[What to do]
Print the data that follows exactly as it stands, from its first line through the line containing "Definition Dfrac_term (beta", and stop there.

[Dataset records]

(* Let $0\le\alpha\le1$ and let $f,g$ be infinitely differentiable functions (on a domain containing $[0,\infty)$ and the range of $g$ respectively) with $f(g(0))=0$, such that all series below converge absolutely and may be rearranged. For real $\beta$ define $$D_x^{\beta}[h](x)=\sum_{k=0}^{\infty}\frac{\sin[\pi(\beta-k)]}{\pi(\beta-k)}\,\frac{\Gamma(\beta+1)}{\Gamma(k+1)}\,x^{k-\beta}\,\frac{d^k}{dx^k}\big[h(x)-h(0)\big],\qquad x>0,$$ with $\frac{\sin[\pi(\beta-k)]}{\pi(\beta-k)}:=1$ when $\beta=k$. For each integer $m\ge0$ define the differential operator (normal-ordered hypergeometric function) $$:{}_2F_2:\left[\begin{matrix}1,\ m-\alpha\\ 1+m,\ 1+m-\alpha\end{matrix};-x\frac{d}{dx}\right]:=\sum_{k=0}^{\infty}\frac{(1)_k\,(m-\alpha)_k}{(1+m)_k\,(1+m-\alpha)_k\,k!}\,(-1)^k\,x^k\frac{d^k}{dx^k},$$ where $(a)_k$ is the Pochhammer symbol, and the weight $$W_m(\alpha,x,g(x))=\sum_{j=0}^{m}\frac{(-1)^j}{m!}\binom{m}{j}\,g(x)^j\;:{}_2F_2:\left[\begin{matrix}1,\ m-\alpha\\ 1+m,\ 1+m-\alpha\end{matrix};-x\frac{d}{dx}\right]\frac{d^m}{dx^m}\big(g(x)^{m-j}\big),$$ where the operator acts only on $\frac{d^m}{dx^m}(g(x)^{m-j})$. Then for $x>0$, $$D_x^{\alpha}[f(g(x))]=\sum_{m=0}^{\infty}W_m(\alpha,x,g(x))\,\frac{\sin[\pi(\alpha-m)]}{\pi(\alpha-m)}\,\frac{\Gamma(\alpha+1)}{\Gamma(m+1)}\,x^{m-\alpha}\,f^{(m)}(g(x)).$$
   Context: For $0\le\alpha\le1$ the series operator $D_x^\alpha$ is the expansion the paper uses for the Caputo fractional derivative ${}^C D_x^\alpha f(x)=\frac{1}{\Gamma(1-\alpha)}\int_0^x (x-t)^{-\alpha} f'(t)\,dt$, $x>0$. The paper adopts the convention of replacing every function $h$ by $h(x)-h(0)$, i.e. functions being differentiated are taken to vanish at the origin. *)

From Stdlib Require Import Reals Factorial Binomial.
From Coquelicot Require Import Coquelicot.
Open Scope R_scope.

Definition Gamma (s : R) : R :=
  RInt_gen (fun t => Rpower t (s - 1) * exp (- t)) (at_right 0) (Rbar_locally p_infty).

Definition sincpi (t : R) : R :=
  if Req_EM_T t 0 then 1 else sin (PI * t) / (PI * t).

Definition Dfrac_term (beta : R) (h : R -> R) (x : R) (k : nat) : R :=
  sincpi (beta - INR k) * Gamma (beta + 1) / Gamma (INR k + 1)
  * Rpower x (INR k - beta) * Derive_n (fun y => h y - h 0) k x.

Definition Dfrac (beta : R) (h : R -> R) (x : R) : R := Series (Dfrac_term beta h x).

Fixpoint poch (a : R) (k : nat) : R :=
  match k with
  | O => 1
  | S k' => poch a k' * (a + INR k')
  end.

Definition F22_term (alpha : R) (m : nat) (u : R -> R) (x : R) (k : nat) : R :=
  poch 1 k * poch (INR m - alpha) k
  / (poch (1 + INR m) k * poch (1 + INR m - alpha) k * INR (fact k))
  * (-1) ^ k * x ^ k * Derive_n u k x.

Definition F22op (alpha : R) (m : nat) (u : R -> R) (x : R) : R :=
  Series (F22_term alpha m u x).

Definition dm_gpow (g : R -> R) (m j : nat) : R -> R :=
  Derive_n (fun y => g y ^ (m - j)) m.

Definition W (alpha : R) (g : R -> R) (m : nat) (x : R) : R :=
  sum_f_R0 (fun j => (-1) ^ j / INR (fact m) * Binomial.C m j * g x ^ j
                     * F22op alpha m (dm_gpow g m j) x) m.

Definition rhs_term (alpha : R) (f g : R -> R) (x : R) (m : nat) : R :=
  W alpha g m x * sincpi (alpha - INR m) * Gamma (alpha + 1) / Gamma (INR m + 1)
  * Rpower x (INR m - alpha) * Derive_n f m (g x).

(* (m,k)-th term of the right-hand side with the operator series expanded;
   rhs_term m = sum_k rhs_term2 m k (when the inner series converge). *)
Definition rhs_term2 (alpha : R) (f g : R -> R) (x : R) (m k : nat) : R :=
  sum_f_R0 (fun j => (-1) ^ j / INR (fact m) * Binomial.C m j * g x ^ j
                     * F22_term alpha m (dm_gpow g m j) x k) m
  * sincpi (alpha - INR m) * Gamma (alpha + 1) / Gamma (INR m + 1)
  * Rpower x (INR m - alpha) * Derive_n f m (g x).

From Stdlib Require Import Reals Lra Lia Factorial Binomial.
From Coquelicot Require Import Coquelicot.
Open Scope R_scope.

(* Faa di Bruno's formula (f o g)^(K) = sum_(m <= K) f^(m)(g) B_{K,m}, with the partial Bell
   polynomial in the closed form B_{K,m} = (1/m!) sum_j (-1)^j C(m,j) g^j (g^(m-j))^(K), splits
   the K-th term of D_x^alpha[f(g(x))] into K + 1 terms. Writing K = m + n, the (m, n) term is
   the n-th term of the operator series in W_m times the m-th coefficient of the right-hand side:
   as (m-alpha)_n / (1+m-alpha)_n = (m-alpha) / (m+n-alpha) and sin(pi (alpha - j)) =
   (-1)^j sin(pi alpha), the :2F2: coefficient times sincpi(alpha-m) x^(m-alpha) / m! is
   sincpi(alpha-m-n) x^(m+n-alpha) / (m+n)!  (for m = 0 only n = 0 matters, since B_{n,0} = 0
   for n > 0). So the left-hand side sums a double series along antidiagonals, its row sums
   are the terms of the right-hand side, and absolute summability allows the rearrangement. *)

Definition smooth_upto (n : nat) (h : R -> R) : Prop :=
  forall k y, (k <= n)%nat -> 0 < y -> ex_derive_n h k y.

Lemma smooth_upto_0 (h : R -> R) : smooth_upto 0 h.
Proof. intros k y Hk _. replace k with 0%nat by lia. exact I. Qed.

Lemma smooth_upto_le (n p : nat) (h : R -> R) :
  (p <= n)%nat -> smooth_upto n h -> smooth_upto p h.
Proof. intros Hpn H k y Hk. apply H. lia. Qed.

Lemma smooth_upto_ex_derive (n : nat) (h : R -> R) (y : R) :
  smooth_upto (S n) h -> 0 < y -> ex_derive h y.
Proof. intros H Hy. exact (H 1%nat y ltac:(lia) Hy). Qed.

Lemma Derive_n_Derive (h : R -> R) (k : nat) (y : R) :
  Derive_n (Derive h) k y = Derive_n h (S k) y.
Proof. rewrite (Derive_n_comp h k 1), Nat.add_1_r. reflexivity. Qed.

Lemma smooth_upto_Derive (n : nat) (h : R -> R) :
  smooth_upto (S n) h -> smooth_upto n (Derive h).
Proof.
  intros H [|k] y Hk Hy; [exact I|].
  apply (ex_derive_ext (Derive_n h (S k))); [intros; symmetry; apply Derive_n_Derive|].
  exact (H (S (S k)) y ltac:(lia) Hy).
Qed.

Lemma smooth_upto_step (n : nat) (h h' : R -> R) :
  (forall y, 0 < y -> is_derive h y (h' y)) -> smooth_upto n h' -> smooth_upto (S n) h.
Proof.
  intros Hd H [|[|k]] y Hk Hy; [exact I | eexists; exact (Hd y Hy)|].
  apply (ex_derive_ext (Derive_n (Derive h) k)); [intros; apply Derive_n_Derive|].
  apply (ex_derive_n_ext_loc h' (Derive h) (S k)); [|exact (H (S k) y ltac:(lia) Hy)].
  apply (filter_imp (fun t => 0 < t)); [|exact (open_gt 0 y Hy)].
  intros t Ht. symmetry. apply is_derive_unique, Hd, Ht.
Qed.

Lemma smooth_upto_const (n : nat) (c : R) : smooth_upto n (fun _ => c).
Proof.
  revert c; induction n as [|n IH]; intros c; [apply smooth_upto_0|].
  apply (smooth_upto_step n _ (fun _ => 0)); [intros; apply (is_derive_const c) | apply IH].
Qed.

Lemma smooth_upto_plus (n : nat) (h1 h2 : R -> R) :
  smooth_upto n h1 -> smooth_upto n h2 -> smooth_upto n (fun y => h1 y + h2 y).
Proof.
  revert h1 h2; induction n as [|n IH]; intros h1 h2 H1 H2; [apply smooth_upto_0|].
  apply (smooth_upto_step n _ (fun y => Derive h1 y + Derive h2 y)).
  - intros y Hy. apply (is_derive_plus h1 h2); apply Derive_correct;
      [exact (smooth_upto_ex_derive n h1 y H1 Hy) | exact (smooth_upto_ex_derive n h2 y H2 Hy)].
  - apply IH; apply smooth_upto_Derive; assumption.
Qed.

Lemma smooth_upto_mult (n : nat) (h1 h2 : R -> R) :
  smooth_upto n h1 -> smooth_upto n h2 -> smooth_upto n (fun y => h1 y * h2 y).
Proof.
  revert h1 h2; induction n as [|n IH]; intros h1 h2 H1 H2; [apply smooth_upto_0|].
  apply (smooth_upto_step n _ (fun y => Derive h1 y * h2 y + h1 y * Derive h2 y)).
  - intros y Hy. apply (is_derive_mult h1 h2); [| |intros; apply Rmult_comm];
      apply Derive_correct; [exact (smooth_upto_ex_derive n h1 y H1 Hy)
                            | exact (smooth_upto_ex_derive n h2 y H2 Hy)].
  - assert (H1' := smooth_upto_le (S n) n h1 (le_S _ _ (le_n n)) H1).
    assert (H2' := smooth_upto_le (S n) n h2 (le_S _ _ (le_n n)) H2).
    apply smooth_upto_plus; apply IH; auto using smooth_upto_Derive.
Qed.

Lemma ex_derive_n_pow (g : R -> R) (p : nat) :
  (forall n y, 0 < y -> ex_derive_n g n y) ->
  forall n y, 0 < y -> ex_derive_n (fun z => g z ^ p) n y.
Proof.
  intros Hg n y Hy.
  assert (Hpow : smooth_upto n (fun z => g z ^ p)).
  { induction p as [|p IH]; [exact (smooth_upto_const n 1)|].
    apply smooth_upto_mult; [intros k t _ Ht; apply Hg, Ht | exact IH]. }
  exact (Hpow n y (le_n n) Hy).
Qed.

[Written solution]
(* Let $0\le\alpha\le1$ and let $f,g$ be infinitely differentiable functions (on a domain containing $[0,\infty)$ and the range of $g$ respectively) with $f(g(0))=0$, such that all series below converge absolutely and may be rearranged. For real $\beta$ define $$D_x^{\beta}[h](x)=\sum_{k=0}^{\infty}\frac{\sin[\pi(\beta-k)]}{\pi(\beta-k)}\,\frac{\Gamma(\beta+1)}{\Gamma(k+1)}\,x^{k-\beta}\,\frac{d^k}{dx^k}\big[h(x)-h(0)\big],\qquad x>0,$$ with $\frac{\sin[\pi(\beta-k)]}{\pi(\beta-k)}:=1$ when $\beta=k$. For each integer $m\ge0$ define the differential operator (normal-ordered hypergeometric function) $$:{}_2F_2:\left[\begin{matrix}1,\ m-\alpha\\ 1+m,\ 1+m-\alpha\end{matrix};-x\frac{d}{dx}\right]:=\sum_{k=0}^{\infty}\frac{(1)_k\,(m-\alpha)_k}{(1+m)_k\,(1+m-\alpha)_k\,k!}\,(-1)^k\,x^k\frac{d^k}{dx^k},$$ where $(a)_k$ is the Pochhammer symbol, and the weight $$W_m(\alpha,x,g(x))=\sum_{j=0}^{m}\frac{(-1)^j}{m!}\binom{m}{j}\,g(x)^j\;:{}_2F_2:\left[\begin{matrix}1,\ m-\alpha\\ 1+m,\ 1+m-\alpha\end{matrix};-x\frac{d}{dx}\right]\frac{d^m}{dx^m}\big(g(x)^{m-j}\big),$$ where the operator acts only on $\frac{d^m}{dx^m}(g(x)^{m-j})$. Then for $x>0$, $$D_x^{\alpha}[f(g(x))]=\sum_{m=0}^{\infty}W_m(\alpha,x,g(x))\,\frac{\sin[\pi(\alpha-m)]}{\pi(\alpha-m)}\,\frac{\Gamma(\alpha+1)}{\Gamma(m+1)}\,x^{m-\alpha}\,f^{(m)}(g(x)).$$
   Context: For $0\le\alpha\le1$ the series operator $D_x^\alpha$ is the expansion the paper uses for the Caputo fractional derivative ${}^C D_x^\alpha f(x)=\frac{1}{\Gamma(1-\alpha)}\int_0^x (x-t)^{-\alpha} f'(t)\,dt$, $x>0$. The paper adopts the convention of replacing every function $h$ by $h(x)-h(0)$, i.e. functions being differentiated are taken to vanish at the origin. *)

From Stdlib Require Import Reals Factorial Binomial.
From Coquelicot Require Import Coquelicot.
Open Scope R_scope.

Definition Gamma (s : R) : R :=
  RInt_gen (fun t => Rpower t (s - 1) * exp (- t)) (at_right 0) (Rbar_locally p_infty).

Definition sincpi (t : R) : R :=
  if Req_EM_T t 0 then 1 else sin (PI * t) / (PI * t).

Definition Dfrac_term (beta : R) (h : R -> R) (x : R) (k : nat) : R :=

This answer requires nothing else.